= Ryan Maness =

American cybersecurity expert

Ryan Maness is an American cybersecurity expert and an assistant professor at the Defense Analysis Department of Naval Postgraduate School. He is the co-author of Cyber War Versus Cyber Realities: Cyber Conflict in the International System, which won widespread critical acclaim.

==Education==
Ryan Maness double majored in political science and history from the University of Illinois at Urbana–Champaign in 2008, before receiving Master of Arts in political science from University of Illinois at Chicago in 2011. He received his PhD in the same stream from the same university, in 2013.

==Career==
Maness is an assistant professor at the Defense Analysis Department of Naval Postgraduate School and is a Visiting Fellow of security and resilience studies at the Political Science Department in the Northeastern University.

=== Books ===
He is the co-author of three books:-

- Maness, Ryan (2015). "Russia's Coercive Diplomacy: Energy, Cyber, and Maritime Policy as New Sources of Power"
- Maness, Ryan (2015). "Cyber War versus Cyber Realities: Cyber Conflict in the International System"
- Valeriano, Brandon (2018). "Cyber strategy : the evolving character of power and coercion"

and has contributed a chapter over "The Oxford Handbook of U.S. National Security" (2018)

In Cyber Wars versus Cyber Realities, he argues that the era of cyberwar has been characterized by "restraint". In the run-up to the 2016 presidential election, he expressed the opinion that Russia would not tamper with US voter machines.

== Reception ==

=== Cyber War Versus Cyber Realities: Cyber Conflict in the International System ===
Francis C. Domingo praised the book in Journal of Information Technology & Politics as a groundbreaking empirical work that provided multiple significant contributions to the literature in international relations. Joe Burton, reviewing for H-Net, declared it to be an essential contribution to the cyber security literature, one that took a meticulous and quantitative approach to dispel the hyperbole of mis-characterization, overstatement, and outright fear-mongering around the locus of cyber-attacks. Julien Nocetti, in International Affairs viewed it as a comprehensive and sobering book. John E. Gudgel, reviewing for Small Wars & Insurgencies, saw the book as providing a new perspective on cyber conflict and praised the authors' construction of a database of cyber incidents and disputes between countries—the Dyadic Cyber Incident and Dispute Dataset (DCID), as one of the first viable attempts to quantify the impact of cyber actions. Overall, he concluded that the authors had built a strong case for cyber policy. Courteney J O’Connor, reviewing for Political Studies Review, extensively praised the book and their construction of a data-set, for the purpose. He considered it to be a well-researched, accessible and referenced text, that brought much needed scrutiny and development to the field of theory around the domain of state-based cyber interactions.

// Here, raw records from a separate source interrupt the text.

Lemma block_edge_nonbridge p e : is_block H C p -> e \in p.2 -> e \notin bridges_of H C.
Proof.
case/and4P=> /and3P[_ s2 /forall_inP s3] tw _ _ ep.
have eG : e \in G := subsetP s2 _ ep.
have [a [b [_ eab]]] := cards2P _ (introT eqP (compE_card2 eG)).
have aP : a \in p.1 by apply: (subsetP (s3 _ ep)); rewrite eab !inE eqxx.
have bP : b \in p.1 by apply: (subsetP (s3 _ ep)); rewrite eab !inE eqxx orbT.
have /connectedbP c := twoECb_connectedD1 e tw.
have cab : conn (G :\ e) a b := conn_sub (setSD _ s2) (c _ _ aP bP).
rewrite inE eG /= negbK eab; rewrite eab in cab.
exact: connectedb_setD1_edge (comps_connected hC) cab.
Qed.

(* The union of two blocks sharing an edge is a 2EC subgraph, so maximality
   forces both blocks to equal it. *)
Lemma blocks_edge_disjoint p q e :
  is_block H C p -> is_block H C q -> e \in p.2 -> e \in q.2 -> p = q.
Proof.
move=> /and4P[/and3P[p1 p2 /forall_inP p3] tp _ /forall_inP mp].
move=> /and4P[/and3P[q1 q2 /forall_inP q3] tq _ /forall_inP mq] ep eq.
pose r := (p.1 :|: q.1, p.2 :|: q.2).
have [a [b [_ eab]]] := cards2P _ (introT eqP (compE_card2 (subsetP p2 _ ep))).
have aP : a \in p.1 by apply: (subsetP (p3 _ ep)); rewrite eab !inE eqxx.
have aQ : a \in q.1 by apply: (subsetP (q3 _ eq)); rewrite eab !inE eqxx.
have sr : subgraph_of H C r.
  apply/and3P; split => /=; rewrite ?subUset ?p1 ?q1 ?p2 ?q2 //.
  by apply/forall_inP => f; rewrite inE => /orP[] /[dup] fr;
    [move/p3 | move/q3] => /subset_trans; apply; rewrite ?subsetUl ?subsetUr.
have tr : twoECb r.1 r.2 := twoECb_union tp tq aP aQ.
have /eqP rp : r == p by apply: mp; rewrite sr tr /= !subsetUl.
have /eqP rq : r == q by apply: mq; rewrite sr tr /= !subsetUr.
by rewrite -rp -rq.
Qed.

=== Russia’s Coercive Diplomacy: Energy, Cyber, and Maritime Policy as New Sources of Power ===
David W. Rivera, reviewing the book for Perspectives on Politics, judged that it had its moments of brilliance as well as weaknesses. Whilst Rivera praised the authors' knowledge of Russia's foreign policy and found the chapters on cyber warfare and the multilateral diplomacy surrounding ownership of the Arctic Ocean to be excellent, he noted the book to be outdated in light of recent political developments and lacking in an optimal treatment about the efficacy of coercion as a diplomatic tool. He concluded:- "Russia’s Coercive Diplomacy is an impressive piece of social science in many ways, but it is also a work that falls between two stools."

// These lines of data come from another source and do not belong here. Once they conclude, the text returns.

(* Let $\Lambda\subseteq\mathbb Z^D$ be a lattice that induces a lattice tiling of each of two shapes $\mathcal S$ and $\mathcal S'$, and let $\delta$ be a nonzero ternary vector. Then $(\Lambda,\mathcal S,\delta)$ defines a folding if and only if $(\Lambda,\mathcal S',\delta)$ defines a folding.
   Context: Let $D\ge 1$. A shape is a finite nonempty set $\mathcal S\subset\mathbb Z^D$ containing the origin; the origin is its distinguished center point. A lattice is a set $\Lambda=\{\sum_{j=1}^D u_jv_j : u_1,\dots,u_D\in\mathbb Z\}$ for linearly independent $v_1,\dots,v_D\in\mathbb Z^D$. $\Lambda$ induces a lattice tiling of $\mathcal S$ if the translates $\mathcal S+\lambda$, $\lambda\in\Lambda$, are pairwise disjoint and cover $\mathbb Z^D$. The translate $\mathcal S+\lambda$ is called the copy of $\mathcal S$ with center $\lambda$. For $x\in\mathbb Z^D$, $c(x)$ denotes the unique $\lambda\in\Lambda$ with $x\in\mathcal S+\lambda$. A ternary vector (direction) is a nonzero $\delta\in\{-1,0,+1\}^D$. The folded-row of $(\Lambda,\mathcal S,\delta)$ is the sequence $p_0,p_1,p_2,\dots$ defined by $p_0=0$ and $p_{k+1}=(p_k+\delta)-c(p_k+\delta)$. Equivalently, $p_{k+1}=p_k+\delta$ if $p_k+\delta\in\mathcal S$; otherwise $p_{k+1}$ is $p_k+\delta$ minus the center of the copy of $\mathcal S$ containing $p_k+\delta$. The triple $(\Lambda,\mathcal S,\delta)$ defines a folding if every element of $\mathcal S$ occurs in its folded-row. *)

From HB Require Import structures.
From mathcomp Require Import all_boot all_order all_algebra.
Set Implicit Arguments. Unset Strict Implicit. Unset Printing Implicit Defensive.
Import Order.TTheory GRing.Theory Num.Theory.
Local Open Scope ring_scope.

(* A shape: a finite (given by a list) subset of Z^D containing the origin
   (hence nonempty). *)
Definition is_shape (D : nat) (S : seq 'rV[int]_D) : Prop := (0 : 'rV[int]_D) \in S.

(* A lattice is given by a D x D integer matrix B whose rows v_1..v_D are
   linearly independent; Lambda = { sum_j u_j v_j : u in Z^D } = { u *m B }. *)
Definition lin_indep_rows (D : nat) (B : 'M[int]_D) : Prop :=
  forall u : 'rV[int]_D, u *m B = 0 -> u = 0.

Definition in_lattice (D : nat) (B : 'M[int]_D) (x : 'rV[int]_D) : Prop :=
  exists u : 'rV[int]_D, x = u *m B.

Definition in_copy (D : nat) (S : seq 'rV[int]_D) (lam x : 'rV[int]_D) : bool :=
  (x - lam) \in S.

Definition lattice_tiling (D : nat) (B : 'M[int]_D) (S : seq 'rV[int]_D) : Prop :=
  (forall x : 'rV[int]_D, exists lam, in_lattice B lam /\ in_copy S lam x) /\
  (forall lam lam' x : 'rV[int]_D, in_lattice B lam -> in_lattice B lam' ->
     lam <> lam' -> in_copy S lam x -> in_copy S lam' x -> False).

Definition ternary (D : nat) (delta : 'rV[int]_D) : Prop :=
  delta <> 0 /\ forall i : 'I_D, delta 0 i \in [:: -1; 0; 1].

(* p is the folded-row of (Lambda, S, delta): p_0 = 0 and
   p_{k+1} = (p_k + delta) - c(p_k + delta), where c(y) is the (unique, under
   the tiling hypothesis) lam in Lambda with y in S + lam. *)
Definition is_folded_row (D : nat) (B : 'M[int]_D) (S : seq 'rV[int]_D)
    (delta : 'rV[int]_D) (p : nat -> 'rV[int]_D) : Prop :=
  p 0%N = 0 /\
  forall k : nat, exists lam, in_lattice B lam /\ in_copy S lam (p k + delta) /\
     p k.+1 = (p k + delta) - lam.

Definition defines_folding (D : nat) (B : 'M[int]_D) (S : seq 'rV[int]_D)
    (delta : 'rV[int]_D) : Prop :=
  forall p : nat -> 'rV[int]_D, is_folded_row B S delta p ->
    forall s, s \in S -> exists k : nat, p k = s.

From HB Require Import structures.
From mathcomp Require Import all_boot all_order all_algebra.
From Stdlib Require Import ClassicalEpsilon.
Import GRing.Theory.
Set Implicit Arguments. Unset Strict Implicit. Unset Printing Implicit Defensive.

(* Write x ~ y when x - y lies in the lattice Lambda.  Two facts
   about a lattice tiling of a shape S drive the proof:
   - every point is ~ to some element of S (the copies cover Z^D), and
   - distinct elements of S are never ~ (the copies are disjoint).
   A folded-row p of (Lambda, S, delta) stays inside S and satisfies
   p_k ~ k * delta, by induction on k.  Hence, for two shapes tiled by the
   same lattice, the k-th terms of their folded-rows are ~ to each other.
   Now assume (Lambda, S, delta) is a folding and let s' be in S'.  Pick s in S
   with s ~ s' and k with p_k = s (p a folded-row for S, which exists by the
   covering property); then the k-th term of any folded-row for S' is an
   element of S' that is ~ s', so it equals s'.  By symmetry the two folding
   properties are equivalent. *)

Local Open Scope ring_scope.

Section LatticeCongruence.
Variables (D : nat) (B : 'M[int]_D).

Definition lat_congr (x y : 'rV[int]_D) : Prop := in_lattice B (x - y).

Lemma in_lattice0 : in_lattice B 0.
Proof. by exists 0; rewrite mul0mx. Qed.

Lemma in_latticeB x y : in_lattice B x -> in_lattice B y -> in_lattice B (x - y).
Proof. by move=> [u ->] [v ->]; exists (u - v); rewrite mulmxBl. Qed.

Lemma lat_congr_sym x y : lat_congr x y -> lat_congr y x.
Proof. by move=> hxy; rewrite /lat_congr -opprB -sub0r; apply: in_latticeB in_lattice0 hxy. Qed.

Lemma lat_congr_trans x y z : lat_congr x y -> lat_congr y z -> lat_congr x z.
Proof.
move=> hxy hyz; have := in_latticeB hxy (lat_congr_sym hyz).
by rewrite /lat_congr opprB addrA subrK.
Qed.

Lemma lat_congr_subl x a : in_lattice B a -> lat_congr (x - a) x.
Proof.
move=> ha; rewrite /lat_congr addrAC subrr add0r -sub0r.
exact: in_latticeB in_lattice0 ha.
Qed.

Lemma lat_congr_addr x y d : lat_congr x y -> lat_congr (x + d) (y + d).
Proof. by rewrite /lat_congr opprD addrA (addrAC x) addrK. Qed.

End LatticeCongruence.

Arguments in_lattice0 {D} B.

Section Tiling.
Variables (D : nat) (B : 'M[int]_D) (S : seq 'rV[int]_D).
Hypothesis tiling : lattice_tiling B S.

Lemma tiling_representative x : exists2 s, s \in S & lat_congr B x s.
Proof.
have [lam [hlam hx]] := tiling.1 x; exists (x - lam) => //.
by rewrite /lat_congr opprB addrC subrK.
Qed.

(* Disjointness: congruent elements of the shape coincide, since
   s1 lies both in S + 0 and in S + (s1 - s2). *)
Lemma tiling_congr_eq s1 s2 : s1 \in S -> s2 \in S -> lat_congr B s1 s2 -> s1 = s2.
Proof.
move=> hs1 hs2 hc; case: (eqVneq s1 s2) => // hne; exfalso.
have distinct_centers : (0 : 'rV[int]_D) <> s1 - s2.
  by move/esym/eqP; rewrite subr_eq0 (negbTE hne).
have in_copy0 : in_copy S 0 s1 by rewrite /in_copy subr0.
have in_copy12 : in_copy S (s1 - s2) s1 by rewrite /in_copy opprB addrA (addrC s1) addrK.
exact: (tiling.2 0 (s1 - s2) s1 (in_lattice0 B) hc distinct_centers in_copy0 in_copy12).
Qed.

Lemma folded_row_exists delta : exists p, is_folded_row B S delta p.
Proof.
pose center x := proj1_sig (constructive_indefinite_description _ (tiling.1 x)).
have center_spec x : in_lattice B (center x) /\ in_copy S (center x) x :=
  proj2_sig (constructive_indefinite_description _ (tiling.1 x)).
pose step y := y + delta - center (y + delta).
exists (fun k => iter k step 0); split=> // k.
by exists (center (iter k step 0 + delta)); have [? ?] := center_spec (iter k step 0 + delta).
Qed.

End Tiling.

Section FoldedRow.
Variables (D : nat) (B : 'M[int]_D) (S : seq 'rV[int]_D) (delta : 'rV[int]_D).
Variable p : nat -> 'rV[int]_D.
Hypothesis row : is_folded_row B S delta p.

Lemma folded_row_in_shape : is_shape S -> forall k, p k \in S.
Proof.
move=> hS [|k]; first by rewrite row.1.
by have [lam [_ [hin ->]]] := row.2 k.
Qed.

Lemma folded_row_congr k : lat_congr B (p k) (delta *+ k).
Proof.
elim: k => [|k IH]; first by rewrite row.1 /lat_congr subrr; exact: in_lattice0.
have [lam [hlam [_ ->]]] := row.2 k.
rewrite mulrSr; apply: lat_congr_trans (lat_congr_subl _ hlam) _.
exact: lat_congr_addr.
Qed.

End FoldedRow.

Lemma folding_transfer (D : nat) (B : 'M[int]_D) (S S' : seq 'rV[int]_D)
    (delta : 'rV[int]_D) :
  is_shape S' -> lattice_tiling B S -> lattice_tiling B S' ->
  defines_folding B S delta -> defines_folding B S' delta.
Proof.
move=> hS' hT hT' hfold p' row' s' hs'.
have [p row] := folded_row_exists hT delta.
have [s hs hs's] := tiling_representative hT s'.
have [k hk] := hfold p row s hs.
exists k; apply: (tiling_congr_eq hT' (folded_row_in_shape row' hS' k) hs').
have hpk : lat_congr B (p' k) s.
  by rewrite -hk; apply: lat_congr_trans (folded_row_congr row' k) _;
     exact: lat_congr_sym (folded_row_congr row k).
exact: lat_congr_trans hpk (lat_congr_sym hs's).
Qed.

Theorem mainTheorem3 (D : nat) (hD : (1 <= D)%N) (B : 'M[int]_D)
  (S S' : seq 'rV[int]_D) (delta : 'rV[int]_D) :
  lin_indep_rows B -> is_shape S -> is_shape S' ->
  lattice_tiling B S -> lattice_tiling B S' -> ternary delta ->
  (defines_folding B S delta <-> defines_folding B S' delta).
Proof.
move=> _ hS hS' hT hT' _.
by split; apply: folding_transfer.
Qed.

=== Cyber Strategy: The Evolving Character of Power and Coercion ===
The book was subject to mixed reviews Giampiero Giacomello of Perspectives on Politics deemed it an original, well researched, and well-presented book but remarked on its failure to present any unexpected or new information on the subject. He also praised the remarkable literature review of cyberspace present in the book.